The news hit like a ton of coal this morning. Obama and his Environmental Protection Agency unveiled new rules governing the release of carbon dioxide into the atmosphere. Power plants will be expected to reduce their emissions by 30 percent by 2030. StateS will need to come up with plans to meet these new goals.
This is very bad news for Democrats running for federal offices in West Virginia. They all endorsed Obama during the 2008 and 2012 presidential races, openly supporting a man who said he wanted to bankrupt the coal-powered electrical industry while on the campaign trail.
Nick Casey, the former Democrat Party Chairman during Obama's first run, openly endorsed the President and worked to raise support for his policies. He is now running for the 2nd congressional district against Republican Alex Mooney.
Natalie Tennant, West Virginia's secretary of state, also openly campaigned for Obama in 2008 and 2012, even attending the Democrat National Convention in 2012 as an Obama delegate. She is running for U.S. Senate against Republican Congresswoman Shelley Moore Capito.
3rd District Congressman Nick Rahall is running to keep his seat against Republican state Senator Evan Jenkins. In an effort to distance himself from his support of Obama, Rahall said he supported the policies of George W. Bush more than Obama. Politifact said that was a lie. Even U.S. Senator Joe Manchin, not up for re-election, can't escape from his 2008 DNC floor speech espousing the virtues of Obama.
Several of these same candidates, as well as other Democrat Party officials and lobbyists, traveled to Washington, D.C. in November of 2013 to meet with EPA Administrator Gina McCarthy. In this meeting, they invited her to West Virginia to discuss EPA impacts on coal mining, as well as to get her to schedule a listening session here. Apparently the open support for her boss by Tennant, Casey, Manchin, and Rahall didn't open any doors at the White House.
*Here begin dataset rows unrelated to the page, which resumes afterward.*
(* Let $\lambda>1$, $\mu>1$. Let $\widetilde G$ be the unique rational function for which there exist real $\tilde\beta,\tilde\alpha,\tilde a,\tilde b$ such that: $\widetilde G=P/Q$ with polynomials $\deg P=3$, $\deg Q=2$; $-1$ and $1$ are poles of $\widetilde G$; $\lim_{z\to\infty}\widetilde G(z)/z>0$; $\tilde\beta<-1<\tilde\alpha<\tilde a<1<\tilde b$; $\widetilde G'(\tilde\beta)=\widetilde G'(\tilde\alpha)=\widetilde G'(\tilde a)=\widetilde G'(\tilde b)=0$; $\widetilde G(\tilde\beta)=-\mu$, $\widetilde G(\tilde b)=\lambda$; $-\widetilde G(\tilde\alpha)=\widetilde G(\tilde a)=1$. Let $\widetilde H=c\,\widetilde G$ where $c>0$ is such that $\lim_{z\to\infty}\widetilde H(z)/z=1$. (i) The system $$ \begin{cases} 2\,(a+\alpha)(3-a\alpha-a-\alpha)(3-a\alpha+a+\alpha)+(\lambda-\mu)(a-\alpha)^3=0,\\ (\lambda+\mu)^2(a-\alpha)^6=4\,(3+a\alpha)^3(1-a\alpha)(2+a+\alpha)(2-a-\alpha) \end{cases} $$ has at least one solution $(\alpha,a)$ with $-1<\alpha<a<1$. (ii) Given any such solution, let $\beta<-1$ and $b>1$ be the solutions of $x^2+(a+\alpha)x+\frac{(a-\alpha)^2}{1-a\alpha}-3=0$, put $A=\frac14(1-\beta)(1-\alpha)(1-a)(1-b)$, $B=\frac14(1+\beta)(1+\alpha)(1+a)(1+b)$, $h=\frac14(a+\alpha)\big(2a\alpha-\frac{(a-\alpha)^2}{1-a\alpha}\big)$, $H(z)=h+z+\frac{Az}{1-z}+\frac{Bz}{1+z}$ and $G(z)=H(z)/H(a)$. Then $G=\widetilde G$ and $H=\widetilde H$. *)

From HB Require Import structures.
From mathcomp Require Import all_boot all_order all_algebra.
From mathcomp Require Import all_classical all_reals all_analysis.

Set Implicit Arguments.
Unset Strict Implicit.
Unset Printing Implicit Defensive.

Import Order.TTheory GRing.Theory Num.Theory.
Import numFieldNormedType.Exports.
Local Open Scope classical_set_scope.
Local Open Scope ring_scope.

Section Defs.
Variable R : realType.

Definition ratfun_PQ (P Q : {poly R}) (G : R -> R) : Prop :=
  [/\ size P = 4%N, size Q = 3%N, coprimep P Q &
      forall x, ~~ root Q x -> G x = P.[x] / Q.[x]].

Definition Gtilde_prop (lam mu : R) (G : R -> R) : Prop :=
  exists P Q : {poly R},
    [/\ ratfun_PQ P Q G,
        root Q (-1) /\ root Q 1,
        (exists l : R, 0 < l /\
           (fun z => G z / z) @ +oo%R --> l /\ (fun z => G z / z) @ -oo%R --> l) &
        exists bt al at_ bt' : R,
          [/\ bt < -1, -1 < al, al < at_, at_ < 1 & 1 < bt'] /\
          [/\ is_derive bt (1:R) G 0, is_derive al (1:R) G 0,
              is_derive at_ (1:R) G 0 & is_derive bt' (1:R) G 0] /\
          [/\ G bt = - mu, G bt' = lam, - G al = 1 & G at_ = 1]].

Definition sys_eq1 (lam mu al a : R) : Prop :=
  2 * (a + al) * (3 - a * al - a - al) * (3 - a * al + a + al)
    + (lam - mu) * (a - al) ^+ 3 = 0.

Definition sys_eq2 (lam mu al a : R) : Prop :=
  (lam + mu) ^+ 2 * (a - al) ^+ 6 =
    4 * (3 + a * al) ^+ 3 * (1 - a * al) * (2 + a + al) * (2 - a - al).

Definition quadBb (al a x : R) : R :=
  x ^+ 2 + (a + al) * x + (a - al) ^+ 2 / (1 - a * al) - 3.

Definition coefA (bt al a b : R) : R :=
  (1 - bt) * (1 - al) * (1 - a) * (1 - b) / 4.
Definition coefB (bt al a b : R) : R :=
  (1 + bt) * (1 + al) * (1 + a) * (1 + b) / 4.
Definition coefh (al a : R) : R :=
  (a + al) * (2 * a * al - (a - al) ^+ 2 / (1 - a * al)) / 4.

Definition Hfun (bt al a b : R) (z : R) : R :=
  coefh al a + z + coefA bt al a b * z / (1 - z) + coefB bt al a b * z / (1 + z).

Definition Gfun (bt al a b : R) (z : R) : R :=
  Hfun bt al a b z / Hfun bt al a b a.

End Defs.

From Pilot Require Import Defs.
From HB Require Import structures.
From mathcomp Require Import all_boot all_order all_algebra.
From mathcomp Require Import all_classical all_reals all_analysis.
From mathcomp Require Import ring lra.
Import Order.TTheory GRing.Theory Num.Theory.
Import numFieldNormedType.Exports.
Local Open Scope classical_set_scope.
Local Open Scope ring_scope.

Set Implicit Arguments.
Unset Strict Implicit.
Unset Printing Implicit Defensive.

(* A rational function P/Q with deg P = 3, deg Q = 2 and poles at -1 and 1 is,
   up to a nonzero factor, H(z) = h + z + C z/(1 - z) + D z/(1 + z), and
   (1 - z^2)^2 H'(z) is a monic quartic.  Its four critical points bt < al < a < b
   are then its roots, which fixes C = A, D = B and gives the Vieta relations
   b = -(bt + al + a), bt b = (a - al)^2/(1 - a al) - 3: bt and b are the roots of
   the quadratic of (ii).  For such points H(a) = -H(al) = (a - al)^3/(4 (1 - a al)),
   while H(b) + H(bt) and (H(b) - H(bt))^2 are explicit in al and a.  Hence the
   normalisations G(al) = -1, G(a) = 1 force G = H/H(a) with the h of (ii), and
   G(bt) = -mu, G(b) = lam become exactly the two equations of the system.
   Conversely, for a solution of the system the same identities show that H/H(a)
   has all the defining properties of \tilde G, so uniqueness identifies them. *)

Ltac neq0 := repeat (apply/andP; split); apply/eqP => ?; lra.

Section HFunction.
Variable R : realType.
Implicit Types (c h l p q C D lam mu bt al a b r x y z : R).

Definition Hform h C D z : R := h + z + C * z / (1 - z) + D * z / (1 + z).

(* [Hder_num C D r = (1 - r^2)^2 * Hform' r] *)
Definition Hder_num C D r : R :=
  (1 - r ^+ 2) ^+ 2 + C * (1 + r) ^+ 2 + D * (1 - r) ^+ 2.

Lemma pm1_neq0 x : x != 1 -> x != -1 ->
  [/\ 1 - x != 0, 1 + x != 0 & 1 - x ^+ 2 != 0].
Proof.
move=> x1 xm1; rewrite subr_eq0 eq_sym x1 addrC addr_eq0 xm1.
by rewrite subr_eq0 eq_sym sqrf_eq1 negb_or x1.
Qed.

Lemma ratfun_PQ_pm1_Hform P Q (G : R -> R) :
  ratfun_PQ P Q G -> root Q 1 -> root Q (-1) ->
  exists c h C D, c != 0 /\ forall y, y != 1 -> y != -1 -> G y = Hform h C D y / c.
Proof.
case=> sP sQ _ PQ Q1 Qm1.
have lead_neq0 (p : {poly R}) n : size p = n.+1 -> p`_n != 0.
  by move=> sp; rewrite -[n]/(n.+1.-1) -sp -lead_coefE lead_coef_eq0 -size_poly_eq0 sp.
have hornerP y : P.[y] = P`_0 + P`_1 * y + P`_2 * y ^+ 2 + P`_3 * y ^+ 3.
  by rewrite horner_coef sP !big_ord_recr big_ord0 /= add0r expr0 mulr1 expr1.
have hornerQ y : Q.[y] = Q`_2 * (y ^+ 2 - 1).
  have hornerQ y' : Q.[y'] = Q`_0 + Q`_1 * y' + Q`_2 * y' ^+ 2.
    by rewrite horner_coef sQ !big_ord_recr big_ord0 /= add0r expr0 mulr1 expr1.
  move: Q1 Qm1; rewrite !rootE !hornerQ sqrrN expr1n !mulr1 mulrN1 => /eqP Q1 /eqP Qm1.
  have [-> ->] : Q`_1 = 0 /\ Q`_0 = - Q`_2 by split; lra.
  by ring.
have p3 := lead_neq0 _ _ sP; have q2 := lead_neq0 _ _ sQ.
exists (Q`_2 / P`_3), (- P`_0 / P`_3), ((- P`_1 - P`_3 - P`_0 - P`_2) / (2 * P`_3)),
  ((- P`_1 - P`_3 + P`_0 + P`_2) / (2 * P`_3)).
split => [|y y1 ym1]; first by rewrite mulf_neq0 ?invr_neq0.
have [y1' ym1' y2] := pm1_neq0 y1 ym1.
have y2' : y ^+ 2 - 1 != 0 by rewrite -oppr_eq0 opprB.
rewrite PQ ?rootE hornerQ ?mulf_neq0 // hornerP /Hform.
by field; rewrite p3 q2 y1' ym1' y2'.
Qed.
West Virginia stands to be hurt the most from these new regs, as states will have to meet certain goals. More than 95 percent of West Virginia's electric comes from coal-fired power plants. As West Virginia is the second largest coal producer in the nation, the demand for our coal will decrease. The U.S. Chamber of Commerce says the new regs will costs the U.S. $1 billion per year due to job losses and other impacts.
Instead of giving Democrats another chance to represent West Virginia in Congress, it's time to send a solidly-red Republican delegation to represent the people.